Les emplois d’avenir constituent une mesure d’urgence, prise par le gouvernement, mais qui n’est pas suffisante pour faire face au chômage des jeunes et à la précarité des emplois qui leur sont proposés.

Pour la CGT, même si le dispositif « emploi d’avenir » ne nous satisfait pas pleinement, il doit avant tout permettre aux jeunes en difficulté d’avoir accès à une formation générale et professionnelle de qualité, de s’intégrer dans le monde du travail et surtout d’avoir accès à un emploi stable et durable.

Suite au vote de la loi en octobre 2012, la direction de la SNCF s’est empressée d’annoncer le recrutement de 500 emplois d’avenir sur la période 2013/2014. Chiffre porté à 750 quelques mois plus tard.

C’est dans cet état d’esprit que la CGT s’est rendue aux discussions avec l’entreprise sur la mise en oeuvre des emplois d’avenir à la SNCF.

Notre objectif étant d’obtenir des droits et surtout que la période « emploi d’avenir » débouche le plus rapidement possible sur une embauche au cadre permanent et à temps plein.

Seule la CGT a exigé la négociation d’un accord d’entreprise permettant une égalité de traitement entre tous les jeunes quel que soit l’établissement ou la région dans laquelle ils étaient recrutés.

La direction a répondu par l’écriture d’un texte sous forme de référentiel Ressources Humaines (RH0976) applicable dans toute l’entreprise et opposable aux directions d’établissements.

Il a fallu trois rencontres avec la direction pour permettre d’en améliorer le contenu dans le sens des revendications exprimées par la CGT.

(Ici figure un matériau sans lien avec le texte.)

Lemma theta_charpoly_roots_mono n a b mu : 0 < a <= b ->
  (forall z, root (theta_charpoly b mu n) z -> normc z < 1) ->
  forall z, root (theta_charpoly a mu n) z -> normc z < 1.
Proof.
move=> /andP[a_gt0 ab] rootsb z /rootP Qa_z; rewrite ltNge; apply/negP => z_ge1.
have [a_eq_b|a_neq_b] := eqVneq a b.
  by have := rootsb z; rewrite -a_eq_b => /(_ (introT rootP Qa_z)); lra.
have a_lt_b : a < b by rewrite lt_neqAle a_neq_b.
have a_neq0 : a%:C != 0 by apply/eqP => /complexI; lra.
have z_neq0 : z != 0.
  by apply: contraTneq z_ge1 => ->; rewrite Normc.normc0 ler10.
have Qb_z := theta_charpoly_at_root b (lt0r_neq0 a_gt0) (introT rootP Qa_z).
have logderiv_z : z * (theta_charpoly b mu n)^`().[z] / (theta_charpoly b mu n).[z]
    = (a / (a - b))%:C * ((((1 + b) * n.+1%:R)%:C * z - n%:R%:C) / (z - 1)).
  have ab_neq0 : a%:C - b%:C != 0 by rewrite subr_eq0; apply/eqP => /complexI; lra.
  rewrite theta_charpoly_deriv Qb_z !invfM !fmorph_div /=.
  by set w := (z - 1)^-1; field; rewrite ab_neq0 expf_neq0 // a_neq0.
have Re_gt0 : 0 < Re (z * (theta_charpoly b mu n)^`().[z] / (theta_charpoly b mu n).[z]).
  apply: Re_logderiv_gt0 => [|w /rootsb]; last by lra.
  by rewrite size_theta_charpoly // (lt_le_trans a_gt0 ab).
move: Re_gt0; rewrite logderiv_z Re_realM; apply/negP; rewrite -leNgt.
apply: mulr_le0_ge0; first by rewrite mulr_ge0_le0 ?invr_le0 ?subr_le0 // ltW.
apply: Re_affine_div_ge0 => //; rewrite ler0n /= -natr1.
have : (0 : R) <= n%:R by []; nra.
Qed.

Emploi d’avenir aujourd’hui = cheminot au Cadre Permanent demain

En effet, la CGT a obtenu, qu’à l’issue de la période des 36 mois de CDD (délai maximal), un recrutement au cadre permanent soit proposé sans passer par la case des tests psychotechniques (sauf si l’emploi proposé relève de la sécurité des circulations).

Nous aurions souhaité que le recrutement définitif se fasse à l’issue du 1er CDD soit 18 mois. Voire plus tôt en application de la « directive NOGUE » qui offre la possibilité d’embaucher au cadre permanent un CDD de manière simplifiée si le jeune remplit toutes les conditions pour en bénéficier.

Emploi d’avenir = formation/ intégration et non remplacement des cheminots en poste

Un jeune dans le cadre d’un emploi d’avenir, ne peut tenir un poste relevant du cadre d’organisation. Ce qui veut dire qu’il ne peut et ne doit pas remplacer un cheminot. La mission confiée doit permettre de découvrir et de s’insérer dans le monde du travail.

Cette période doit être mise à profit pour former et non pour assurer une charge de travail pérenne.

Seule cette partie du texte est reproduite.